HAE type 1 also is characterized by low levels of C4, a component of the complement cascade, but normal levels of C3.

HAE diagnosis is hampered by the fact that 25% of the cases are caused by the so-called de novo mutations, which are those that are not inherited. Moreover, in up to 10% of the cases, disease-causing mutations remain unknown.

In this letter to the editor, a group of researchers at the Hospital Universitario Central de Asturias, in Oviedo, Spain, described a family with HAE type 1 caused by a mutation that had never been described.

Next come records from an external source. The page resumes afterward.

(* the completion sequence S = [s_1,...,s_n] is given by a permutation s:
   s k is the (k+1)-th job of S *)
Definition has_completion_sequence (w : 'I_n -> R -> R) (s : {perm 'I_n})
  (C : 'I_n -> R) : Prop :=
  (forall i, is_completion w i (C i)) /\
  (forall k l : 'I_n, (k < l)%N -> C (s k) <= C (s l)).

Definition first_pending (w : 'I_n -> R -> R) (s : {perm 'I_n}) (i : 'I_n) (t : R) : Prop :=
  pending w i t /\ (forall j, pending w j t -> ((s^-1)%g i <= (s^-1)%g j)%N).

(* w is the schedule Pri_S: Pri_S(i,t) = 1 if i is the first job of S pending
   at t (pending w.r.t. Pri_S itself), and 0 otherwise *)
Definition is_Pri (s : {perm 'I_n}) (w : 'I_n -> R -> R) : Prop :=
  forall i t, (first_pending w s i t -> w i t = 1) /\
              (~ first_pending w s i t -> w i t = 0).

End Scheduling.

From HB Require Import structures.
From mathcomp Require Import all_boot all_order all_algebra all_fingroup.
From mathcomp Require Import all_classical all_reals all_analysis.
From mathcomp Require Import measurable_realfun lra.
Set Implicit Arguments.
Unset Strict Implicit.
Unset Printing Implicit Defensive.
Import Order.TTheory GRing.Theory Num.Theory.
Local Open Scope classical_set_scope.
Local Open Scope ring_scope.

(* Fix job i, let T be its completion time under w and call the jobs up to i
   in S the prefix.  Suppose Pri_S has not completed i by T, and let t0 be the
   last time before T at which no prefix job is pending under Pri_S.  On
   (t0, T] Pri_S works at full rate on the prefix, so it does T - t0 units of
   prefix work there.  Just before t0, at an idle time t1, every prefix job
   released by t1 is already finished, so that work is done on prefix jobs
   released after t1, and falls short of their total size by the unfinished
   part of i.  But w completes all those jobs inside [t1, T], so their total
   size is at most T - t1: hence t0 - t1 is at least the unfinished part of i,
   which is impossible as t1 may be taken arbitrarily close to t0. *)

Local Notation mu := (@lebesgue_measure _).

Section RealLemmas.
Variable R : realType.

Lemma first_hitting_time (F : R -> R) (a v T : R) :
    (forall c c', c <= c' -> F c <= F c' <= F c + (c' - c)) ->
    F a < v -> v <= F T ->
  exists C, [/\ C <= T, F C = v & forall C', C' < C -> F C' < v].
Proof.
move=> F_lip Fa FT; pose E := [set c | v <= F c].
have lbE : lbound E a.
  move=> c; rewrite /E /= => vc; rewrite leNgt; apply/negP => ca.
  by have /andP[Fca _] := F_lip _ _ (ltW ca); lra.
have infE : has_inf E by split; [exists T | exists a].
have ge_C c : E c -> inf E <= c by exact: (ge_inf infE.2).
have v_le_FC : v <= F (inf E).
  rewrite leNgt; apply/negP => FC; have e0 : 0 < v - F (inf E) by lra.
  have [c Ec cC] := inf_adherent e0 infE.
  have /andP[_ FcC] := F_lip _ _ (ge_C _ Ec).
  by rewrite /E /= in Ec; lra.
have FC_le_v : F (inf E) <= v.
  rewrite leNgt; apply/negP => FC; pose c := inf E - (F (inf E) - v) / 2.
  have /andP[_ FCc] := F_lip c (inf E) ltac:(rewrite /c; lra).
  have : ~ E c by move/ge_C; rewrite /c; lra.
  move=> nEc; have Fc : F c < v by rewrite ltNge; apply/negP.
  by rewrite /c in FCc Fc; lra.
exists (inf E); split; first exact: ge_C.
- by apply/eqP; rewrite eq_le FC_le_v.
- by move=> C' C'C; rewrite ltNge; apply/negP => /ge_C; lra.
Qed.

Lemma last_idle_time (busy : R -> Prop) (z T e : R) :
  z <= T -> ~ busy z -> 0 < e ->
  exists t0 t1, [/\ t0 - e < t1, t1 <= t0, t0 <= T, ~ busy t1 &
                    forall t, t0 < t <= T -> busy t].
Proof.
move=> zT idle_z e0; pose Z := [set t | t <= T /\ ~ busy t].
have supZ : has_sup Z by split; [exists z | exists T => t []].
have [t1 [t1T idle_t1] t1e] := sup_adherent e0 supZ.
exists (sup Z), t1; split => //.
- exact: sup_upper_bound.
- by apply: ge_sup; [exists z | move=> t []].
move=> t /andP[t0t tT]; apply: contrapT => idle_t.
by have := sup_upper_bound supZ (conj tT idle_t); lra.
Qed.

Lemma eq_integral_off (f : R -> R) (D1 D2 : set R) :
  (forall t, D1 t -> ~ D2 t -> f t = 0) ->
  (forall t, D2 t -> ~ D1 t -> f t = 0) ->
  (\int[mu]_(t in D1) (f t)%:E = \int[mu]_(t in D2) (f t)%:E)%E.
Proof.
move=> f1 f2; rewrite [LHS]integral_mkcond [RHS]integral_mkcond.
apply: eq_integral => t _; rewrite /patch.
case: ifPn => [/set_mem t1|/negP t1]; case: ifPn => [/set_mem t2|/negP t2] //.
- by rewrite f1 // => /mem_set.
- by rewrite f2 // => /mem_set.
Qed.

Lemma integral_le_measure (f : R -> R) (D : set R) : measurable D ->
  measurable_fun D (fun t => (f t)%:E) -> (forall t, 0 <= f t <= 1) ->
  (\int[mu]_(t in D) (f t)%:E <= mu D)%E.
Proof.
move=> mD mf f01; rewrite -[leRHS]mul1e -integral_cst //.
by apply: ge0_le_integral => // t _; rewrite lee_fin; case/andP: (f01 t).
Qed.

Lemma lebesgue_measure_itv_len (a b : R) (l r : bool) : a <= b ->
  mu [set` Interval (BSide l a) (BSide r b)] = (b - a)%:E.
Proof.
move=> ab; rewrite lebesgue_measure_itv /= lte_fin.
case: ifPn => [_|]; first by rewrite EFinB.
rewrite -leNgt => ba; have -> : b = a by apply/le_anti; rewrite ba ab.
by rewrite subrr.
Qed.

End RealLemmas.

Section Schedules.
Variables (R : realType) (n : nat) (r p : 'I_n -> R).

Definition workR (x : 'I_n -> R -> R) (j : 'I_n) (a b : R) : R :=
  fine (work x j a b).

Section OneSchedule.
Variable x : 'I_n -> R -> R.
Hypothesis hx : is_schedule r p x.

Lemma schedule_ge0 j t : 0 <= x j t.
Proof. by case: hx => _ []. Qed.

Lemma schedule_le1 j t : x j t <= 1.
Proof.
case: hx => _ [_ [sum_le1 _]]; apply: le_trans (sum_le1 t).
by rewrite (bigD1 j) //= lerDl sumr_ge0 // => i _; exact: schedule_ge0.
Qed.

Lemma measurable_schedule (D : set R) j : measurable_fun D (fun t => (x j t)%:E).
Proof.
apply/measurable_EFinP; case: hx => mx _.
exact: measurable_funS measurableT (@subsetT _ D) (mx j).
Qed.

Lemma measurable_schedule_sum (D : set R) (Q : pred 'I_n) :
  measurable_fun D (fun t => (\sum_(j | Q j) x j t)%:E).
Proof.
apply/measurable_EFinP; under eq_fun do rewrite big_mkcond.
apply: measurable_sum => j; case: (Q j) => //=.
by apply/measurable_EFinP; exact: measurable_schedule.
Qed.

Lemma schedule_before_release j t : t < r j -> x j t = 0.
Proof. by case: hx => _ [_ [_ idle]] tr; apply: idle => -[]; lra. Qed.

Lemma schedule_after_completion j C t :
  is_completion r p x j C -> C <= t -> x j t = 0.
Proof.
by case: hx => _ [_ [_ idle]] jC Ct; apply: idle => -[_ /(_ _ jC)]; lra.
Qed.

Lemma work_ge0 j a b : (0 <= work x j a b)%E.
Proof. by apply: integral_ge0 => t _; rewrite lee_fin schedule_ge0. Qed.

Lemma workRE j a b : work x j a b = (workR x j a b)%:E.
Proof.
rewrite fineK // ge0_fin_numE ?work_ge0 //.
apply: (@le_lt_trans _ _ (mu `[a, b])).
  apply: integral_le_measure => //; first exact: measurable_schedule.
  by move=> t; rewrite schedule_ge0 schedule_le1.
by rewrite lebesgue_measure_itv; case: ifPn => // _; rewrite -EFinB ltry.
Qed.

Lemma workR_ge0 j a b : 0 <= workR x j a b.
Proof. by rewrite -lee_fin -workRE work_ge0. Qed.

Lemma workR_lipschitz j a c c' : c <= c' ->
  workR x j a c <= workR x j a c' <= workR x j a c + (c' - c).
Proof.
move=> cc'; rewrite -!lee_fin EFinD -!workRE /work.
have acc' : `[a, c] `<=` `[a, c'] by move=> t /=; rewrite !in_itv /=; lra.
rewrite -(setDUK acc') ge0_integral_setU //; first last.
- by rewrite disj_set2E setDIK.
- by move=> t _; rewrite lee_fin schedule_ge0.
- exact: measurable_schedule.
- exact: measurableD.
apply/andP; split.
  by rewrite leeDl // integral_ge0 // => t _; rewrite lee_fin schedule_ge0.
rewrite leeD2l // -(@lebesgue_measure_itv_len _ c c' false false) //.
apply: (@le_trans _ _ (mu (`[a, c'] `\` `[a, c]))).
  apply: integral_le_measure; first exact: measurableD.
  - exact: measurable_schedule.
  - by move=> t; rewrite schedule_ge0 schedule_le1.
apply: le_measure; rewrite ?inE //=; first exact: measurableD.
by move=> t [/=]; rewrite !in_itv /= => /andP[-> ->] /negP; rewrite -ltNge andbT.
Qed.

Lemma workR_eq0 j a b : b < a -> workR x j a b = 0.
Proof.
by move=> ba; rewrite /workR /work set_itv_ge ?integral_set0 // bnd_simp -ltNge.
Qed.

Lemma workR_after_release j a b : a <= r j -> workR x j a b = workR x j (r j) b.
Proof.
move=> ar; rewrite /workR /work; congr fine; apply: eq_integral_off.
- move=> t /=; rewrite !in_itv /= => /andP[_ tb] rtb.
  by apply: schedule_before_release; rewrite ltNge; apply: contra_notN rtb => ->.
- by move=> t /=; rewrite !in_itv /= => /andP[rt ->] []; rewrite (le_trans ar).
Qed.

Lemma workR_after_completion j C a b :
  is_completion r p x j C -> C <= a -> workR x j a b = 0.
Proof.
move=> jC Ca; rewrite /workR /work (@eq_integral_off _ _ _ set0) => [|t|//].
  by rewrite integral_set0.
rewrite /= in_itv /= => /andP[a_t _] _.
exact: schedule_after_completion jC (le_trans Ca a_t).
Qed.

Lemma workR_completed j C a b : is_completion r p x j C ->
  a <= r j -> C <= b -> workR x j a b = p j.
Proof.
move=> jC ar Cb; rewrite workR_after_release //.
have <- : workR x j (r j) C = p j by apply/EFin_inj; rewrite -workRE jC.1.
rewrite /workR /work; congr fine; apply: eq_integral_off.
- move=> t /=; rewrite !in_itv /= => /andP[-> _] /negP; rewrite andTb -ltNge.
  by move/ltW; exact: schedule_after_completion.
- by move=> t /=; rewrite !in_itv /= => /andP[-> tC] []; rewrite (le_trans tC).
Qed.

Lemma exists_completion j T : 0 < p j -> p j <= workR x j (r j) T ->
  exists C, is_completion r p x j C /\ C <= T.
Proof.
move=> pj_gt0 pj_le; have [||C [CT workC first]] :=
  @first_hitting_time _ (workR x j (r j)) (r j - 1) (p j) T _ _ pj_le.
- by move=> c c'; exact: workR_lipschitz.
- by rewrite workR_eq0 //; lra.
exists C; split => //; split => [|C' C'C]; first by rewrite workRE workC.
by rewrite workRE => -[]; have := first _ C'C; lra.
Qed.

Lemma workR_pending j T : 0 < p j ->
  (forall C, is_completion r p x j C -> T < C) -> workR x j (r j) T < p j.
Proof.
move=> pj_gt0 pend; rewrite ltNge; apply/negP => /(exists_completion pj_gt0).
by move=> [C [/pend]]; lra.
Qed.

Lemma workR_le_size j T : 0 < p j -> workR x j (r j) T <= p j.
Proof.
move=> pj_gt0.
have [[C [jC CT]]|never] := pselect (exists C, is_completion r p x j C /\ C <= T).
  by rewrite (workR_completed jC).
apply/ltW/workR_pending => // C jC; rewrite ltNge; apply/negP => CT.
by apply: never; exists C.
Qed.

Lemma release_le_completion j C : 0 < p j -> is_completion r p x j C -> r j <= C.
Proof.
move=> pj_gt0 [workC _]; rewrite leNgt; apply/negP => Cr.
by move: workC; rewrite workRE workR_eq0 // => -[]; lra.
Qed.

The family was composed by five members, a grandmother, mother, father, and two children — an 11-month-old girl and a 3-year-old boy. Both grandmother and mother were previously diagnosed with HAE type 1 based on clinical symptoms and lab tests.

Symptoms included recurrent swelling episodes and low C1-INH levels in the bloodstream. The girl presented swelling of the eyelid during an infection, while the boy had no symptoms.

The researchers measured the levels and activity of C1-INH, as well as the levels of C3, C4, and C1q in the mother and both children.

C3 and C1q levels were normal, while C4 and C1-INH levels were low. C1-INH activity also was reduced.

A genetic analysis revealed the girl carried a new mutation located in an intron of the SERPING1 gene. Introns are portions of genes that do not contain information to make proteins and are normally removed during protein production.

Researchers then looked for the new mutation in the other family members and found that it was present in one of the two copies of the SERPING1 gene in the mother and the brother.

The mutation, the researchers believe, led to the formation of a shorter, nonfunctional version of the C1-INH protein, which “probably causes a decrease in the expression [production] of the full-length protein, thus reducing the normal C1 INH activity.”